Talk about fucked up, right? I haven’t shared this with anyone because it’s weird to casually mention this type of shit without people thinking I am totally off my nut.

On my blog, I promised myself and my readers to be honest, genuine, and authentic, which is not easy. I feel like these journeys are necessary to honor and talk about.

These posts are difficult to write and even harder when I lose readers because of them.

I never said this journey would be easy, but I seem to be progressing slowly and steadily regarding a fraction of my life’s lessons.

Thanks for reading and even more for sticking around. 🖤

Yet, another lesson; part one…

My crystal and gemstone turtle collection.
They were freshly charged during the full moon.

I must be a slow learner regarding my path on this journey in this lifetime. My spirit guides and power animals are probably sick and tired of trying to get this lesson across. 

I have different power animals for different lessons. Sometimes, they all try to get the same lesson through my thick head. Like this one.

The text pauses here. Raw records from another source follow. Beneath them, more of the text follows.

(* Let $\mathcal{R}$ be a set of rules on a finite set $Q$. For every critical rule $(A,q)$ of the antimatroid $\mathcal{A}(\mathcal{R})$, there exists a rule $(A',q)\in\mathcal{R}$ with $A\subseteq A'$.
   Context: A rule on $Q$ is a pair $(A,q)$ with $A\subseteq Q$, $q\in Q$; it accepts $Y\subseteq Q$ if $q\in Y$ implies $Y\cap A\neq\emptyset$. $\mathcal{K}(\mathcal{R})$ is the family of subsets accepted by all rules of $\mathcal{R}$, and $\mathcal{A}(\mathcal{R})$ is the family of $K\in\mathcal{K}(\mathcal{R})$ for which there is a sequence $\emptyset=Y_0\subseteq\dots\subseteq Y_k=K$ of members of $\mathcal{K}(\mathcal{R})$ with $|Y_{i+1}\setminus Y_i|=1$; it is an antimatroid. For an antimatroid $\mathcal{A}$ on $Q$, let $\mathcal{A}^*=\{Q\setminus X: X\in\mathcal{A}\}$ and $\tau(X)=\bigcap\{Y\in\mathcal{A}^*: X\subseteq Y\}$. A rule $(A,q)$ with $q\notin A$ is critical for $\mathcal{A}$ if, with $C=A\cup\{q\}$, $\tau(C)\setminus\{q\}\notin\mathcal{A}^*$ and $\tau(C)\setminus\{q,s\}\in\mathcal{A}^*$ for every $s\in A$. *)

From mathcomp Require Import all_boot.
From mathcomp Require Import fintype finset path tuple.
Set Implicit Arguments. Unset Strict Implicit. Unset Printing Implicit Defensive.

Section Rules.
Variable Q : finType.

Definition rule := ({set Q} * Q)%type.

Definition accepts (r : rule) (Y : {set Q}) : bool :=
  (r.2 \in Y) ==> (Y :&: r.1 != set0).

Definition Kfam (R : {set rule}) : {set {set Q}} :=
  [set Y : {set Q} | [forall r in R, accepts r Y]].

Definition step (Y Y' : {set Q}) : bool := (Y \subset Y') && (#|Y' :\: Y| == 1).

(* A(R): members K of K(R) reachable from the empty set by a chain of
   members of K(R), each obtained from the previous one by adding one element. *)
Definition Afam (R : {set rule}) : {set {set Q}} :=
  [set K in Kfam R | [exists s : (#|Q|).-tuple {set Q}, exists n : 'I_(#|Q|.+1),
     let ch := take n s in
     [&& all (fun Y => Y \in Kfam R) ch,
         path step set0 ch & last set0 ch == K]]].

Definition dualfam (F : {set {set Q}}) : {set {set Q}} := [set ~: X | X in F].

Definition tau (F : {set {set Q}}) (X : {set Q}) : {set Q} :=
  \bigcap_(Y in dualfam F | X \subset Y) Y.

Definition critical (F : {set {set Q}}) (r : rule) : Prop :=
  let C := r.2 |: r.1 in
  [/\ r.2 \notin r.1,
      tau F C :\ r.2 \notin dualfam F &
      forall s, s \in r.1 -> tau F C :\: [set r.2; s] \in dualfam F].

End Rules.

From mathcomp Require Import all_boot.
Set Implicit Arguments. Unset Strict Implicit. Unset Printing Implicit Defensive.

(* Let T := tau (q |: A) and U := ~: T. Since A(R) is closed under
   unions, U is the largest feasible set avoiding q |: A, and criticality says
   that q |: U is not feasible while s |: q |: U is feasible for every s in A.
   As U is feasible, q |: U can only fail to be feasible because some rule
   (B, q) of R rejects it, i.e. B misses q |: U. Each feasible s |: q |: U is
   accepted by (B, q), so B meets it, necessarily in s: hence A \subset B. *)

Lemma mem_dualfam (T : finType) (F : {set {set T}}) (X : {set T}) :
  (X \in dualfam F) = (~: X \in F).
Proof.
apply/imsetP/idP => [[Y YF ->]|XF]; first by rewrite setCK.
by exists (~: X); rewrite ?setCK.
Qed.

Section Antimatroid.
Variables (Q : finType) (R : {set rule Q}).

Inductive reachable : {set Q} -> Prop :=
| reachable0 : reachable set0
| reachableS Y Z : reachable Y -> Z \in Kfam R -> step Y Z -> reachable Z.

Lemma Kfam_accepts Y r : Y \in Kfam R -> r \in R -> accepts r Y.
Proof. by rewrite inE => /forallP/(_ r)/implyP. Qed.

Lemma set0_Kfam : set0 \in Kfam R.
Proof. by rewrite inE; apply/forall_inP => r _; rewrite /accepts inE. Qed.

Lemma Kfam_setU U V : U \in Kfam R -> V \in Kfam R -> U :|: V \in Kfam R.
Proof.
move=> KU KV; rewrite inE; apply/forall_inP => r rR.
move: (Kfam_accepts KU rR) (Kfam_accepts KV rR) => /implyP hU /implyP hV.
apply/implyP; rewrite setIUl setU_eq0 negb_and in_setU.
by case/orP => [/hU|/hV] ->; rewrite ?orbT.
Qed.

Lemma reachable_Kfam Y : reachable Y -> Y \in Kfam R.
Proof. by case=> [|Y' Z _ KZ _] //; exact: set0_Kfam. Qed.

Lemma reachable_setU1 V x : reachable V -> x |: V \in Kfam R -> reachable (x |: V).
Proof.
move=> rV KxV; have [xV|xV] := boolP (x \in V); first by rewrite (setUidPr _) ?sub1set.
apply: reachableS rV KxV _; rewrite /step subsetUr cardsDS ?subsetUr //.
by rewrite cardsU1 xV addnK.
Qed.

Lemma reachable_setU U V : reachable U -> reachable V -> reachable (U :|: V).
Proof.
move=> rU; elim=> [|Y Z _ rUY KZ /andP [sYZ /cards1P [x DZ]]]; first by rewrite setU0.
have DZ' : Z = x |: Y by rewrite -(setID Z Y) (setIidPr sYZ) DZ setUC.
have DUZ : U :|: Z = x |: (U :|: Y) by rewrite DZ' setUCA.
rewrite DUZ; apply: reachable_setU1 => //.
by rewrite -DUZ; apply: Kfam_setU => //; exact: reachable_Kfam.
Qed.

Lemma card_step (Y Z : {set Q}) : step Y Z -> #|Z| = #|Y|.+1.
Proof.
move=> /andP [sYZ /eqP]; rewrite cardsDS // => D.
by rewrite -(subnK (subset_leq_card sYZ)) D.
Qed.

Lemma reachable_path (Y : {set Q}) ch :
  reachable Y -> all (mem (Kfam R)) ch -> path (@step Q) Y ch -> reachable (last Y ch).
Proof.
elim: ch Y => [|Z ch IH] Y rY //= /andP [KZ Kch] /andP [sYZ pZ].
exact: IH (reachableS rY KZ sYZ) Kch pZ.
Qed.

Lemma reachable_chain K : reachable K -> exists ch : seq {set Q},
  [/\ all (mem (Kfam R)) ch, path (@step Q) set0 ch, last set0 ch = K & size ch = #|K|].
Proof.
elim=> [|Y Z _ [ch [Kch pch lch sch]] KZ sYZ]; first by exists [::]; rewrite cards0.
exists (rcons ch Z); rewrite all_rcons rcons_path last_rcons size_rcons lch.
by split; rewrite ?Kch ?pch ?sYZ ?sch ?(card_step sYZ) ?andbT.
Qed.

Lemma AfamP K : reflect (reachable K) (K \in Afam R).
Proof.
apply: (iffP idP) => [|rK].
  rewrite inE => /andP [_ /existsP [s /existsP [n /and3P [Kch pch /eqP <-]]]].
  exact: reachable_path reachable0 Kch pch.
rewrite inE reachable_Kfam //=.
have [ch [Kch pch lch sch]] := reachable_chain rK.
have ltn_ch : size ch < #|Q|.+1 by rewrite ltnS sch max_card.
have size_pad : size (ch ++ nseq (#|Q| - size ch) set0) == #|Q|.
  by rewrite size_cat size_nseq subnKC // -ltnS.
apply/existsP; exists (Tuple size_pad); apply/existsP; exists (Ordinal ltn_ch).
by rewrite /= take_size_cat // Kch pch lch eqxx.
Qed.

Lemma Afam_Kfam K : K \in Afam R -> K \in Kfam R.
Proof. by rewrite inE => /andP []. Qed.

Lemma Afam_setU1 V x : V \in Afam R -> x |: V \in Kfam R -> x |: V \in Afam R.
Proof. by move=> /AfamP rV KxV; apply/AfamP; exact: reachable_setU1. Qed.

Lemma setC_tau_Afam X : ~: tau (Afam R) X \in Afam R.
Proof.
apply/AfamP; rewrite /tau setC_bigcap.
apply: big_ind => [|U V|Y /andP [DY _]]; [exact: reachable0 | exact: reachable_setU |].
by apply/AfamP; rewrite -mem_dualfam.
Qed.

Lemma blocking_rule U q : U \in Afam R -> q |: U \notin Afam R ->
  exists2 B, (B, q) \in R & [disjoint B & q |: U].
Proof.
move=> UA qUA; have : q |: U \notin Kfam R by apply: contra qUA; exact: Afam_setU1.
rewrite inE => /forall_inPn [[B p] pR]; rewrite /accepts negb_imply negbK /=.
case/andP => pqU /eqP qUB.
suff pq : p = q by exists B; [rewrite -pq | rewrite -setI_eq0 setIC qUB].
move: pqU; rewrite in_setU1 => /orP [/eqP //|pU].
have := Kfam_accepts (Afam_Kfam UA) pR; rewrite /accepts pU.
case/set0Pn => y /setIP [yU yB].
have : y \in (q |: U) :&: B by rewrite !inE yU yB orbT.
by rewrite qUB inE.
Qed.

End Antimatroid.

Theorem lemma3p6 (Q : finType) (R : {set rule Q}) (A : {set Q}) (q : Q) :
  critical (Afam R) (A, q) ->
  exists A' : {set Q}, (A', q) \in R /\ A \subset A'.
Proof.
case=> /= _ notT sT; set T := tau (Afam R) (q |: A) in notT sT.
have qUA : q |: ~: T \notin Afam R by move: notT; rewrite mem_dualfam setCD setUC.
have [B qBR dB] := blocking_rule (setC_tau_Afam R (q |: A)) qUA.
exists B; split=> //; apply/subsetP => s sA.
have KsqU : s |: (q |: ~: T) \in Kfam R.
  apply: Afam_Kfam; move: (sT s sA).
  by rewrite mem_dualfam setCD setUA setUC [~: T :|: _]setUC.
have := Kfam_accepts KsqU qBR; rewrite /accepts /= !in_setU1 eqxx orbT /=.
case/set0Pn => y /setIP [+ yB]; rewrite in_setU1 => /orP [/eqP <- //|yqU].
by rewrite (disjointFr dB yB) in yqU.
Qed.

Turtle is my primary or constant power animal. In my “letting go of worrying” lesson, Hawk and Wolf recently tried. I understood what they were saying, but being able to let go of my constant worrying is something else.

A few years ago, I learned about giving your worries to God or the universe. I’ve posted that at bedtime when my worries flood my mind, I would tie a balloon string to each of them and watch them float away. 

While this has helped a lot over the last ten years, I now find myself back to giving away each of my worries a few times a day. I thought I had this; it turns out I don’t. I was a bundle of anxiety that was getting out of control again.

It took a visit with Turtle on Thursday afternoon while I was meditating to learn another piece of this lesson. I always thought I had Turtle as a spirit animal because I was always fast and on the go. This was true, or so I thought.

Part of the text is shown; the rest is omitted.